Пара загадок все еще не дает мне покоя, но, думаю, они объяснимы. Во-первых, часто говорят, что энергетическая эффективность не может быть мишенью естественного отбора, потому что большим животным нужно больше еды. Энергетическая экономия проявляется только на уровне отдельных клеток или в пересчете на грамм массы. Критики теории не преминут заметить, что естественный отбор, как правило, действует на особей, а не на граммы массы. Не спорю, но окружающая среда и потребности организма все же связаны с размером тела. Мы видели, что крыса в семь раз прожорливее человека: в пересчете на единицу массы ей нужно в семь раз больше пищи, чем нам. Однако она не сильнее и не быстрее «относительно» своей окружающей среды. Термин «относительно» в данном случае имеет вполне реальное наполнение. Ясно, что крыса не может убить буйвола, а мы можем, как можем мы поймать и убить любое другое животное. Мир животных определяется их размером, и в нашем собственном мире нам нужно в семь раз меньше пищи в день, чем крысам. Соответственно, мы можем в семь раз дольше обходиться без пищи и воды. Масштаб нашего преимущества даже более очевиден, если учесть, сколько мы съедаем относительно собственной массы. Мышь, например, должна ежедневно съедать половину массы тела, иначе она умрет от голода, а ежедневно мы потребляем всего 2 % собственной массы. По-моему, это явное преимущество. Я не говорю, что преимущество размера всегда оказывается решающим. Маленький размер нередко выгоден, что нашло отражение в разнообразных эволюционных тенденциях. Однако энергетическая эффективность, связанная с большим размером, несомненно, оказала глубокое влияние на эволюцию эукариот.
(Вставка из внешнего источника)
Section RootOfUnity.
Context {K : fieldType} {z : K} {m : nat}.
Hypothesis z_order : z ^+ (4 * m).+1 = 1.
Hypothesis z4_neq1 : forall k, (0 < k <= m)%N -> z ^+ (4 * k) != 1.

Local Notation p := (z ^+ 4).

Lemma z_mul_pm : z * p ^+ m = 1.
Proof. by rewrite -exprM -exprS. Qed.

Lemma z_neq0 : z != 0.
Proof. by apply/eqP => z0; move: z_mul_pm; rewrite z0 mul0r => /esym/eqP; rewrite oner_eq0. Qed.

Lemma sqrr_z2 : (z ^+ 2) ^+ 2 = p.
Proof. by rewrite -exprM. Qed.

Lemma sqrr_Nz2 : (- z ^+ 2) ^+ 2 = p.
Proof. by rewrite sqrrN sqrr_z2. Qed.

Lemma poch_pp_neq0 {k} : (k <= m)%N -> poch p p k != 0.
Proof.
move=> le_km; apply: poch_neq0 => j /andP[j_gt0 le_jk].
by rewrite -exprM z4_neq1 // j_gt0 (leq_trans le_jk).
Qed.

Lemma poch_z_eq0 {k} : (m < k)%N -> poch z p k = 0.
Proof. by move=> lt_mk; apply/eqP/prodf_eq0; exists (Ordinal lt_mk); rewrite //= z_mul_pm subrr. Qed.

Lemma coef_poch_poly_root c {k} : (k <= m)%N ->
  (poch_poly (c * z) p m)`_k = c ^+ k * (poch z p k / poch p p k).
Proof.
move=> le_km; rewrite mulrA -(coef_poch_poly_inv c k z_mul_pm) mulfK //.
exact: poch_pp_neq0.
Qed.

Lemma prod_XaddC_root :
  \prod_(j < m) ('X - (- z ^+ 2 * p ^+ j)%:P) = (z ^+ (2 * m * m))%:P * poch_poly (- z ^+ 3) p m.
Proof.
have factor j : (j < m)%N -> 'X - (- z ^+ 2 * p ^+ j)%:P =
    (z ^+ (4 * j + 2))%:P * (1 - (- z ^+ 3 * p ^+ (m - j.+1))%:P * 'X).
  move=> lt_jm; have inv : z ^+ (4 * j + 2) * (z ^+ 3 * p ^+ (m - j.+1)) = 1.
    by rewrite -exprM -!exprD -z_order; congr (z ^+ _); lia.
  rewrite mulrBr mulr1 mulrA -polyCM !mulNr mulrN inv !polyCN polyC1 mulN1r !opprK addrC.
  by rewrite -exprM -exprD addnC.
rewrite /poch_poly [in RHS](reindex_inj rev_ord_inj) /=.
rewrite -sum_ord_4j_add2 -prodrXr rmorph_prod -big_split /=.
by apply: eq_bigr => j _; rewrite factor.
Qed.

Lemma sum_eq_middle_coef {n} : (m < n)%N ->
  \sum_(k < n) series_term z k = z ^+ (2 * m * m) * (poch_poly z (- z ^+ 2) (2 * m))`_m.
Proof.
move=> lt_mn; rewrite -(subnKC lt_mn) big_split_ord /= [X in _ + X]big1 ?addr0 => [|k _].
  rewrite poch_poly_double sqrr_Nz2 mulrN -exprS coefM mulr_sumr.
  apply: eq_bigr => j _; have le_jm : (j <= m)%N := ltn_ord j.
  have := coef_prod_XsubC_rev (fun j => - z ^+ 2 * p ^+ j) (leq_subr j m).
  rewrite prod_XaddC_root coefCM subKn // -/(poch_poly (- z ^+ 2) p m).
  rewrite -[- z ^+ 2]mulNr coef_poch_poly_root // => rev.
  have := coef_poch_poly_root 1 le_jm; rewrite mul1r expr1n mul1r => ->.
  by rewrite mulrCA rev /series_term -expr_div_n; ring.
by rewrite /series_term poch_z_eq0 ?expr0n ?mul0r // ltn_addr.
Qed.

Lemma middle_coef :
  (poch_poly z (- z ^+ 2) (2 * m))`_m * poch (- z ^+ 2) (- z ^+ 2) m = poch z (- z ^+ 2) m.
Proof.
have inv : z * (- z ^+ 2) ^+ (2 * m) = 1 by rewrite exprM sqrr_Nz2 z_mul_pm.
by have := coef_poch_poly_inv 1 m inv; rewrite expr1n !mul1r.
Qed.

Lemma middle_coef_even {r} : m = (2 * r)%N ->
  (poch_poly z (- z ^+ 2) (2 * m))`_m * (poch (- z ^+ 2) p r * poch p p r)
  = poch z p r * poch (- z ^+ 3) p r.
Proof.
move=> m2r; have := middle_coef; rewrite {3 4}m2r !poch_double.
by rewrite sqrr_Nz2 -expr2 sqrr_Nz2 mulrN -exprS.
Qed.

Lemma middle_coef_odd {r} : m = (2 * r).+1 ->
  (poch_poly z (- z ^+ 2) (2 * m))`_m * (poch (- z ^+ 2) p r.+1 * poch p p r)
  = poch z p r.+1 * poch (- z ^+ 3) p r.
Proof.
move=> m2r; have := middle_coef; rewrite {3 4}m2r !pochS !poch_double.
rewrite sqrr_Nz2 -expr2 sqrr_Nz2 !exprM sqrr_Nz2 mulrN -exprS.
set c := _`_m => mid.
transitivity (c * (poch (- z ^+ 2) p r * poch p p r * (1 - - z ^+ 2 * p ^+ r))); first by ring.
by rewrite mid; ring.
Qed.

Lemma sum_root_even {n r} : m = (2 * r)%N -> (m < n)%N ->
  \sum_(k < n) series_term z k = rhs_even z r (2 * r) (2 * m * m)%:Z.
Proof.
move=> m2r lt_mn; rewrite (sum_eq_middle_coef lt_mn) /rhs_even -exprnP.
have := poch_pp_neq0 (leqnn m); rewrite {1}m2r -(poch_double_sqrt r sqrr_z2).
rewrite !mulf_eq0 !negb_or => /andP[/andP[nz_z2 nz_Nz2] /andP[nz_pp nz_Np]].
have -> : (poch_poly z (- z ^+ 2) (2 * m))`_m
          = poch z p r * poch (- z ^+ 3) p r / (poch (- z ^+ 2) p r * poch p p r).
  by rewrite -(middle_coef_even m2r) mulfK // mulf_neq0.
field.
by rewrite nz_z2 nz_Nz2 nz_pp nz_Np.
Qed.

Lemma sum_root_odd {n r} : m = (2 * r).+1 -> (m < n)%N ->
  \sum_(k < n) series_term z k = rhs_odd z r (2 * r) (2 * m * m).+1%:Z.
Proof.
move=> m2r lt_mn; rewrite (sum_eq_middle_coef lt_mn) /rhs_odd -exprnP (exprSr z (2 * m * m)).
have p2r1 : p ^+ (2 * r).+1 = z^-1 by rewrite (mulr1_eq z_mul_pm) m2r.
have nz := poch_pp_neq0 (leqnn m); rewrite {1}m2r pochS -exprS p2r1 in nz.
move: nz; rewrite mulf_eq0 negb_or => /andP[nz_pp2r nz_1z].
have D := poch_double_sqrtS r sqrr_z2; rewrite p2r1 in D.
have E5 : poch z p r.+1 = (1 - z) * poch (z ^+ 5) p r by rewrite pochSl -exprS.
have E6 : poch (z ^+ 2) p r.+1 = (1 - z ^+ 2) * poch (z ^+ 6) p r by rewrite pochSl -exprD.
have : poch (z ^+ 2) p r.+1 * poch (- z ^+ 2) p r.+1 * (poch p p r * poch (- p) p r) != 0.
  by rewrite D mulf_neq0.
rewrite E6 !mulf_eq0 !negb_or => /andP[/andP[/andP[nz_1z2 nz_z6] nz_Nz2] /andP[nz_pp nz_Np]].
have -> : (poch_poly z (- z ^+ 2) (2 * m))`_m
          = poch z p r.+1 * poch (- z ^+ 3) p r / (poch (- z ^+ 2) p r.+1 * poch p p r).
  by rewrite -(middle_coef_odd m2r) mulfK // mulf_neq0.
rewrite -[poch p p (2 * r)](mulfK nz_1z) -D E5 E6.
have nz_z1 : z - 1 != 0.
  by rewrite subr_eq0; apply: contraNneq nz_1z => ->; rewrite invr1 subrr.
by field; rewrite z_neq0 nz_z1 nz_Np nz_pp nz_Nz2 nz_z6 nz_1z2.
Qed.

End RootOfUnity.

Local Notation evalC z := (horner_morph (fun a : rat => mulrC z (ratr a))).
(* Let $G$ be a graph on $n$ vertices and let $SV=(v_1,\dots,v_n)$ be a permutation of $V(G)$. Then there exist sets $VC_1,\dots,VC_{n-1}$ such that each $VC_i$ is a minimum-cardinality vertex cover of $G_i$ ($1\le i<n$) and, for each $1 \leq i < n-1$, $VC_i \cap (V(G)\setminus V_{i+1}) \subseteq VC_{i+1}$.
   Context: For $1\le i\le n$, $V_i=\{v_1,\dots,v_i\}$, and $G_i$ is the graph with vertex set $V(G)$ whose edges are exactly the edges of $G$ having one end in $V_i$ and the other in $V(G)\setminus V_i$. A vertex cover of a graph is a set of vertices incident to all its edges. *)

From mathcomp Require Import all_boot.
Set Implicit Arguments. Unset Strict Implicit. Unset Printing Implicit Defensive.

Definition simple_graph (T : finType) (e : rel T) : Prop :=
  symmetric e /\ irreflexive e.

(* V_i = {v_1,...,v_i} for the ordering sv : 'I_n -> T (0-based: sv 0 = v_1). *)
Definition prefix_set (T : finType) (n : nat) (sv : 'I_n -> T) (i : nat) : {set T} :=
  [set sv j | j : 'I_n & (j < i)%N].

(* Edge relation of G_i: edges of G with exactly one end in V_i. *)
Definition cut_graph (T : finType) (e : rel T) (V : {set T}) : rel T :=
  fun x y => e x y && ((x \in V) != (y \in V)).

Definition is_vertex_cover (T : finType) (e : rel T) (C : {set T}) : Prop :=
  forall x y, e x y -> (x \in C) || (y \in C).

Definition is_min_vertex_cover (T : finType) (e : rel T) (C : {set T}) : Prop :=
  is_vertex_cover e C /\
  forall C' : {set T}, is_vertex_cover e C' -> (#|C| <= #|C'|)%N.

From mathcomp Require Import all_boot zify.

(* Build the covers greedily: VC_(i+1) is a smallest cover of G_(i+1) among
   those containing VC_i \ V_(i+1); the point is that this constraint costs
   nothing.  Let S \subset S', C a minimum cover of the cut of S and D any
   cover of the cut of S'.  Take D' to be C :&: D inside S, D on S' \ S and
   C :|: D outside S', and E the complementary choices (C :|: D, C, C :&: D).
   Then D' covers the cut of S' and contains C \ S', E covers the cut of S,
   and |D'| + |E| = |C| + |D|, so minimality of C gives |D'| <= |D|. *)

Section VertexCovers.
Context {T : finType}.

Definition vertex_coverb (r : rel T) (C : {set T}) : bool :=
  [forall x, forall y, r x y ==> (x \in C) || (y \in C)].

Lemma vertex_coverP (r : rel T) (C : {set T}) :
  reflect (is_vertex_cover r C) (vertex_coverb r C).
Proof.
apply: (iffP forallP) => [covC x y exy | covC x].
  by have /forallP/(_ y)/implyP := covC x; apply.
by apply/forallP => y; apply/implyP; apply: covC.
Qed.

Definition min_cover_containing (r : rel T) (A : {set T}) : {set T} :=
  [arg min_(C < setT | vertex_coverb r C && (A \subset C)) #|C|].

Lemma min_cover_containingP (r : rel T) (A : {set T}) :
  [/\ is_vertex_cover r (min_cover_containing r A),
      A \subset min_cover_containing r A &
      forall C, is_vertex_cover r C -> A \subset C ->
        #|min_cover_containing r A| <= #|C|].
Proof.
rewrite /min_cover_containing; case: arg_minnP.
  by rewrite subsetT andbT; apply/vertex_coverP => x y _; rewrite in_setT.
move=> C /andP[/vertex_coverP covC sAC] minC; split=> // D covD sAD.
by apply: minC; rewrite sAD andbT; apply/vertex_coverP.
Qed.

Lemma card_pointwise_add (A B C D : {set T}) :
  (forall x, (x \in A) + (x \in B) = (x \in C) + (x \in D)) ->
  #|A| + #|B| = #|C| + #|D|.
Proof.
have cardE (X : {set T}) : #|X| = \sum_x (x \in X : nat).
  by rewrite -sum1_card big_mkcond; apply: eq_bigr => x _; case: (x \in X).
by move=> ABCD; rewrite !cardE -!big_split; apply: eq_bigr => x _.
Qed.

Lemma prefix_set_subS {n : nat} (sv : 'I_n -> T) (i : nat) :
  prefix_set sv i \subset prefix_set sv i.+1.
Proof.
apply/subsetP => x /imsetP[j]; rewrite inE => lt_ji ->.
by apply/imsetP; exists j; rewrite // inE ltnS ltnW.
Qed.

Section CutCovers.
Variable e : rel T.

Lemma cut_coverP (V C : {set T}) :
  is_vertex_cover (cut_graph e V) C <->
  (forall x y, x \in V -> y \notin V -> e x y || e y x ->
     (x \in C) || (y \in C)).
Proof.
split=> [covC x y xV yV /orP[exy | eyx] | covC x y /andP[exy]].
- by apply: covC; rewrite /cut_graph exy xV (negbTE yV).
- by rewrite orbC; apply: covC; rewrite /cut_graph eyx xV (negbTE yV).
- case: (boolP (x \in V)) (boolP (y \in V)) => xV [] yV //= _.
    by apply: covC; rewrite ?exy.
  by rewrite orbC; apply: covC; rewrite ?exy ?orbT.
Qed.

Lemma cut_cover_exchange {S S' C D : {set T}} :
  S \subset S' ->
  is_min_vertex_cover (cut_graph e S) C ->
  is_vertex_cover (cut_graph e S') D ->
  exists D', [/\ is_vertex_cover (cut_graph e S') D',
                 C :\: S' \subset D' & #|D'| <= #|D| ].
Proof.
move=> sSS' [/cut_coverP covC minC] /cut_coverP covD.
pose D' := (C :&: D :&: S) :|: (D :&: S' :\: S) :|: ((C :|: D) :\: S').
pose E := ((C :|: D) :&: S) :|: (C :&: S' :\: S) :|: (C :&: D :\: S').
have inS' x : x \in S -> x \in S' := subsetP sSS' x.
have covD' : is_vertex_cover (cut_graph e S') D'.
  apply/cut_coverP => x y xS' yS' exy.
  have yS : y \notin S := contra (inS' y) yS'.
  move: (covD x y xS' yS' exy); rewrite !inE xS' (negbTE yS') (negbTE yS) /=.
  case: (boolP (x \in S)) => xS; [move: (covC x y xS yS exy) |];
    by case: (x \in C); case: (x \in D); case: (y \in C); case: (y \in D).
have covE : is_vertex_cover (cut_graph e S) E.
  apply/cut_coverP => x y xS yS exy.
  move: (covC x y xS yS exy); rewrite !inE xS (inS' x xS) (negbTE yS) /=.
  case: (boolP (y \in S')) => yS'; [| move: (covD x y (inS' x xS) yS' exy)];
    by case: (x \in C); case: (x \in D); case: (y \in C); case: (y \in D).
have cardD'E : #|D'| + #|E| = #|C| + #|D|.
  apply: card_pointwise_add => x; rewrite !inE.
  case: (boolP (x \in S)) => xS; [rewrite (inS' x xS) | case: (x \in S')];
    by case: (x \in C); case: (x \in D).
exists D'; split=> //.
  by apply/subsetP => x; rewrite !inE => /andP[-> ->]; rewrite orbT.
have := minC E covE; lia.
Qed.

Lemma min_cover_containing_cut {S S' C : {set T}} :
  S \subset S' -> is_min_vertex_cover (cut_graph e S) C ->
  is_min_vertex_cover (cut_graph e S')
    (min_cover_containing (cut_graph e S') (C :\: S')).
Proof.
move=> sSS' minC.
have [covM sCM minM] := min_cover_containingP (cut_graph e S') (C :\: S').
split=> // D covD.
have [D' [covD' sCD' leD'D]] := cut_cover_exchange sSS' minC covD.
exact: leq_trans (minM D' covD' sCD') leD'D.
Qed.

Section GreedyCovers.
Variable V : nat -> {set T}.

Fixpoint greedy_cover (i : nat) : {set T} :=
  if i is i'.+1
  then min_cover_containing (cut_graph e (V i)) (greedy_cover i' :\: V i)
  else min_cover_containing (cut_graph e (V 0)) set0.

Lemma greedy_cover_min :
  (forall i, V i \subset V i.+1) ->
  forall i, is_min_vertex_cover (cut_graph e (V i)) (greedy_cover i).
Proof.
move=> sVS; elim=> [|i IH] /=.
  have [covM _ minM] := min_cover_containingP (cut_graph e (V 0)) set0.
  by split=> // C covC; apply: minM; rewrite ?sub0set.
exact: min_cover_containing_cut (sVS i) IH.
Qed.

Lemma greedy_cover_subS (i : nat) :
  greedy_cover i :\: V i.+1 \subset greedy_cover i.+1.
Proof.
by case: (min_cover_containingP (cut_graph e (V i.+1))
                               (greedy_cover i :\: V i.+1)).
Qed.

End GreedyCovers.

End CutCovers.

End VertexCovers.

Theorem lemma4 (T : finType) (e : rel T) (sv : 'I_#|T| -> T) :
  simple_graph e -> bijective sv ->
  exists VC : nat -> {set T},
    (forall i : nat, (1 <= i < #|T|)%N ->
       is_min_vertex_cover (cut_graph e (prefix_set sv i)) (VC i)) /\
    (forall i : nat, (1 <= i < #|T|.-1)%N ->
       VC i :&: ~: prefix_set sv i.+1 \subset VC i.+1).
Proof.
move=> _ _; exists (greedy_cover e (prefix_set sv)); split=> i _.
  by apply: greedy_cover_min => j; apply: prefix_set_subS.
by rewrite -setDE; apply: greedy_cover_subS.
Qed.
Вторая загадка — это всеобъемлющий характер энергетического преимущества. Ранее в части 4 мы говорили в основном о млекопитающих и пресмыкающихся. Мы разложили энергетические сбережения на составляющие и пришли к выводу, что они предоставляют организму реальные возможности, а не следуют из ограничений фрактальной сети. С другой стороны, мы видели, что бактерии ограничены соотношением площади поверхности к объему, и это действительно ограничение, а не возможность. Есть ли преимущество размера у отдельных эукариотических клеток, например у амеб? Или у деревьев, или у креветок? Может быть, похоронив универсальную константу, мы потеряли и право делать какие-либо обобщения за пределами класса млекопитающих?